• _PROBLEM TO WORK ON_:
Nothing but the lines from the one with "From HB Require Import structures." through the end of the listing below should appear in your reply, each copied exactly.

• _THE INPUT_:
(* Let $\lambda_1,\lambda_2\in P^+$. Then $a^{\lambda_1+\lambda_2}_{\lambda_1,\lambda_2}=1$, and $a^{\tau}_{\lambda_1,\lambda_2}=0$ for every $\tau\in P^+$ with $\tau\not\le\lambda_1+\lambda_2$.
   Context: Let $\mathfrak{sl}_n=\mathfrak n^+\oplus\mathfrak h\oplus\mathfrak n^-$ with simple roots $\alpha_1,\dots,\alpha_{n-1}$, $R^+$ the positive roots, $P^+$ the dominant integral weights, $V(\tau)$ the simple module of highest weight $\tau$; for $\alpha\in R^+$ fix an $\mathfrak{sl}_2$-triple $e_\alpha,f_\alpha,h_\alpha$ with $f_\alpha\in\mathfrak g_{-\alpha}$. The partial order is $\tau\le\mu$ iff $\mu-\tau\in\sum_i\mathbb Z_{\ge0}\alpha_i$. The current algebra $\mathfrak{sl}_n\otimes\mathbb C[t]$ has bracket $[x\otimes p,y\otimes q]=[x,y]\otimes pq$. For $\lambda_1,\lambda_2\in P^+$ with $\lambda=\lambda_1+\lambda_2$, $F_{\lambda_1,\lambda_2}$ is the $\mathfrak{sl}_n\otimes\mathbb C[t]$-module generated by $\mathbb 1$ subject to $(\mathfrak n^+\otimes\mathbb C[t]).\mathbb 1=0$, $(\mathfrak h\otimes t\mathbb C[t]).\mathbb 1=0$, $(\mathfrak n^-\otimes t^2\mathbb C[t]).\mathbb 1=0$, $(h\otimes1).\mathbb 1=\lambda(h)\mathbb 1$ ($h\in\mathfrak h$), and for all $\alpha\in R^+$: $(f_\alpha\otimes1)^{\lambda(h_\alpha)+1}.\mathbb 1=0$, $(f_\alpha\otimes t)^{\min\{\lambda_1(h_\alpha),\lambda_2(h_\alpha)\}+1}.\mathbb 1=0$. It is a finite-dimensional $\mathfrak{sl}_n$-module and $a^\tau_{\lambda_1,\lambda_2}:=\dim\operatorname{Hom}_{\mathfrak{sl}_n}(F_{\lambda_1,\lambda_2},V(\tau))$. *)

From HB Require Import structures.
From mathcomp Require Import all_boot all_order all_algebra.
Set Implicit Arguments. Unset Strict Implicit. Unset Printing Implicit Defensive.
Import Order.TTheory GRing.Theory Num.Theory.
Local Open Scope ring_scope.

(* Conventions.  sl_n = trace-zero n x n matrices over K (an algebraically
   closed field of characteristic 0, e.g. C).  The current algebra
   sl_n (x) K[t] is identified with trace-zero n x n matrices over {poly K}
   (x (x) p  <->  p *: map_mx polyC x); its bracket is the commutator.
   Positive roots: alpha = eps_i - eps_j, i < j;  e_alpha = E_ij,
   f_alpha = E_ji, h_alpha = E_ii - E_jj.  Simple roots: j = i+1.
   Cartan subalgebra h = trace-zero diagonal matrices. *)

Section Defs.
Variable K : numClosedFieldType.
Variable n : nat.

• _YOUR SOLUTION_:
From HB Require Import structures.
From mathcomp Require Import all_boot all_order all_algebra.
Set Implicit Arguments. Unset Strict Implicit. Unset Printing Implicit Defensive.
Import Order.TTheory GRing.Theory Num.Theory.
Local Open Scope ring_scope.

(* Conventions.  sl_n = trace-zero n x n matrices over K (an algebraically
   closed field of characteristic 0, e.g. C).  The current algebra
   sl_n (x) K[t] is identified with trace-zero n x n matrices over {poly K}
   (x (x) p  <->  p *: map_mx polyC x); its bracket is the commutator.
   Positive roots: alpha = eps_i - eps_j, i < j;  e_alpha = E_ij,
   f_alpha = E_ji, h_alpha = E_ii - E_jj.  Simple roots: j = i+1.
   Cartan subalgebra h = trace-zero diagonal matrices. *)

Section Defs.
Variable K : numClosedFieldType.
Variable n : nat.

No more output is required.